ANKRD49 promotes the metastasis of NSCLC via activating JNK-ATF2/c-Jun-MMP-2/9 axis

Nine pairs of fresh NSCLC tissues and the corresponding adjacent normal tissues were collected from patients who underwent surgery at the First Hospital of Shanxi Medical University from October 2020 to December 2020. No patients in this study received other treatment before surgery.

The human bronchial epithelial cell line (HBEC) and NSCLC cell lines H1299, A549, H446, H460, Calu-3, H1703, sk-MES-1 were obtained from the Cell Culture Center of the Chinese Academy of Medical Sciences (Beijing, China). These NSCLC cell lines were cultured in Advanced RPMI 1640 medium (Seven, Beijing, China) supplemented with 10% fetal bovine serum (Every Green, Zhejiang, China) and incubated at 37 °C in 5% CO₂.

H1299 and H1703 cells were infected with lentivirus-5 ANKRD49 or lentivirus-3 ANKRD49-shRNA and corresponding vectors (Gene Pharma, Shanghai, China) according to the manufacturer’s protocols to construct the stable ANKRD49 overexpression (ANKRD49-OE) or ANKRD49 knockdown (ANKRD49-sh) groups.

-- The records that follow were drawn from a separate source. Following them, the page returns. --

Theorem theorem5 (R : realType) (n n1 n0 : nat)
  (Y1 Y0 : 'I_n -> R) (p11 p10 p01 p00 : R)
  (k : stat_kind) (phi : nat -> R) (delta y0 : 'I_n -> R) :
  (0 < n1)%N -> (0 < n0)%N -> (n1 + n0)%N = n ->
  0 <= p11 -> 0 <= p10 -> 0 <= p01 -> 0 <= p00 ->
  p11 + p10 + p01 + p00 = 1 ->
  {homo phi : a b / (a <= b)%N >-> a <= b} ->
  (* H_delta : tau = delta *)
  (forall i, Y1 i - Y0 i = delta i) ->
  forall alpha : R, 0 < alpha -> alpha < 1 ->
  Pr n1 p11 p10 p01 p00
     (fun z mm => pval k phi Y1 Y0 delta y0 z mm <= alpha) <= alpha.
Proof.
move=> _ _ n_split p11_ge0 p10_ge0 p01_ge0 p00_ge0 p_sum1 _ tau_delta al al_gt0 _.
pose F (z : assignment n) (S : {set 'I_n}) :=
  GRS k phi S #|[set i in S | z i]| y0 (tRS k phi S z Y0) <= al.
rewrite (Pr_obsS _ _ _ _ _ (F := F)) => [|z mm]; last by rewrite pval_null.
rewrite exchange_big /=.
apply: le_trans (_ : 'C(n, n1)%:R^-1 * \sum_(S : {set 'I_n}) al *
    \sum_(z | ntreated z == n1) obs_prob p11 p10 p01 p00 z S <= _).
  rewrite ler_wpM2l ?invr_ge0 // ler_sum // => S _.
  by apply: sum_obs_prob_pvalue_le; rewrite // ltW.
rewrite -mulr_sumr exchange_big /=; under eq_bigr do rewrite sum_obs_prob //.
have C_neq0 : 'C(n, n1)%:R != 0 :> R by rewrite pnatr_eq0 -lt0n bin_gt0 -n_split leq_addr.
rewrite sumr_const (eq_card (B := [set z | ntreated z == n1])) => [|z]; last by rewrite inE.
by rewrite card_ntreated mulrCA mulVf ?mulr1.
Qed.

Meanwhile, the controls for overexpression (LV5) and knockdown (LV3) were also established. After infection of lentivirus, cells were incubated for more than 48 h and puromycin (2 µg/ml) was added to screen the stable cells. LV3 and ANKRD49-sh sequences were listed in Supplementary Table 1.

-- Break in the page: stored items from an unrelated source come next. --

Lemma seq_norm_gap (R : realDomainType) (s : seq R) :
  exists2 d, 0 < d & forall x, x \in s -> x != 0 -> d <= `|x|.
Proof.
elim: s => [|a s [d d0 Hd]]; first by exists 1.
have [->|a0] := eqVneq a 0.
  by exists d => // x; rewrite inE => /orP[/eqP->|/Hd //]; rewrite eqxx.
exists (Num.min d `|a|) => [|x]; first by rewrite lt_min d0 normr_gt0.
by rewrite inE ge_min => /orP[/eqP->|/Hd xd /xd->]; rewrite ?lexx ?orbT.
Qed.

Lemma sumr_mul_delta (R : pzSemiRingType) (I : finType) (F : I -> R) i :
  \sum_k F k * (k == i)%:R = F i.
Proof.
rewrite (bigD1 i) //= eqxx mulr1 big1 ?addr0 // => k /negbTE ki.
by rewrite ki mulr0.
Qed.

Lemma coprime_int_eq (a b : int) (p q : nat) : coprime p q ->
  a * q%:Z = b * p%:Z -> exists t : int, a = t * p%:Z /\ b = t * q%:Z.
Proof.
case: p => [|p] cop E.
  move: cop; rewrite /coprime gcd0n => /eqP q1; subst q.
  by exists b; split; lia.
have : (p.+1%:Z %| a * q%:Z)%Z by rewrite E dvdz_mull.
rewrite Gauss_dvdzl ?coprimezE // => /dvdzP[t at_].
exists t; split => //; apply: (mulIf (x := p.+1%:Z)) => //.
by rewrite -E at_ mulrAC.
Qed.

Section InnerProduct.
Variables (R : realType) (n : nat).
Notation V := 'rV[R]_n.
Implicit Types u v x y z a b : V.

Lemma dotvE u v : dotv u v = \sum_i u 0 i * v 0 i.
Proof. by rewrite /dotv mxE; apply: eq_bigr => i _; rewrite mxE. Qed.

Lemma dotvC u v : dotv u v = dotv v u.
Proof. by rewrite !dotvE; apply: eq_bigr => i _; rewrite mulrC. Qed.

Lemma dotvDl u v x : dotv (u + v) x = dotv u x + dotv v x.
Proof. by rewrite !dotvE -big_split; apply: eq_bigr => i _; rewrite mxE mulrDl. Qed.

Puromycin (P816466) was purchased from MACKLIN (Shanghai, China). Anisomycin (GC11559) was purchased from GLPBIO (Shanghai, China). The p38 mitogen-activated protein kinase (MAPK) inhibitor (HY-10,256, SB203580) and JNK inhibitor (HY-12,041, SP600125) were purchased from MedChemExpress (New Jersey, USA). MMPs inhibitor (SF4180, ilomastat) was purchased from Beyotime Biotechnology (Shanghai, China). Rabbit anti-ANKRD49 primary antibody (Proteintech, Cat# 25034-1-AP, RRID:AB_2879860), rabbit anti-MMP-2 polyclonal antibody (Cat# bs-4599R, RRID:AB_11083963), rabbit anti-MMP-9 polyclonal antibody (Cat# bs-0397R, RRID:AB_10853038), rabbit anti-c-Jun polyclonal antibody (Cat# bs-0670R, RRID:AB_10857880), rabbit anti-p-ATF2 polyclonal antibody (Cat# bs-3033R, RRID:AB_10883830) and Alexa Fluor® 488-conjugated goat anti-rabbit IgG (Cat# bs-0295G-A488, RRID:AB_10893781) were obtained from Bioss Biotechnology (Beijing, China). The mouse anti-p-c-Jun monoclonal antibody (Cat# 558,036, RRID: AB_2249448) was obtained from BD Biosciences (New Jersey, USA). Rabbit anti-p38 monoclonal antibody (Cat# 8690, RRID: AB_10999090), rabbit anti-p-p38 monoclonal antibody (Cat# 4511, RRID: AB_2139682), rabbit anti-ERK monoclonal antibody (Cat# 4695, RRID: AB_390779), rabbit anti-p-ERK monoclonal antibody (Cat# 4376, RRID: AB_331772), rabbit anti-SAPK/JNK monoclonal antibody (Cat# 9258, RRID: AB_2141027), and rabbit anti-p-JNK monoclonal antibody (Cat# 4668, RRID: AB_823588) were purchased from Cell Signaling Technology (Danvers, MA, USA). Rabbit anti-ATF2 polyclonal antibody (Cat# BS1022, RRID: AB_1664115), rabbit anti-β-actin polyclonal antibody (Cat# AP0060, RRID: AB_2797445), rabbit anti-GAPDH polyclonal antibody (Cat# AP0063, RRID: AB_2651132), rabbit anti-Histone-H3 polyclonal antibody (Cat# BS7675), rabbit anti-PARP polyclonal antibody (Cat# BS7190), and rabbit anti-β-tubulin polyclonal antibody (Cat# AP0064, RRID: AB_2797447) were acquired from Bioworld (Minnesota, USA). Rabbit anti-ATF2 polyclonal antibodies (Cat# D155200) and rabbit anti-p-ATF2 polyclonal antibodies (Cat# D155010) were purchased from Sangon Biotech (Shanghai, China). Anti-rabbit IgG (H + L) (Cat# BA1050, RRID: AB_2904507) and anti-mouse IgG (H + L) (Cat# BA1054, RRID: AB_2734136) were purchased from Boster Biological Technology (Wuhan, China). Dylight 649 and goat anti-mouse IgG (Cat# 610-143-002, RRID: AB_11182582) were obtained from Rockland (Philadelphia, USA).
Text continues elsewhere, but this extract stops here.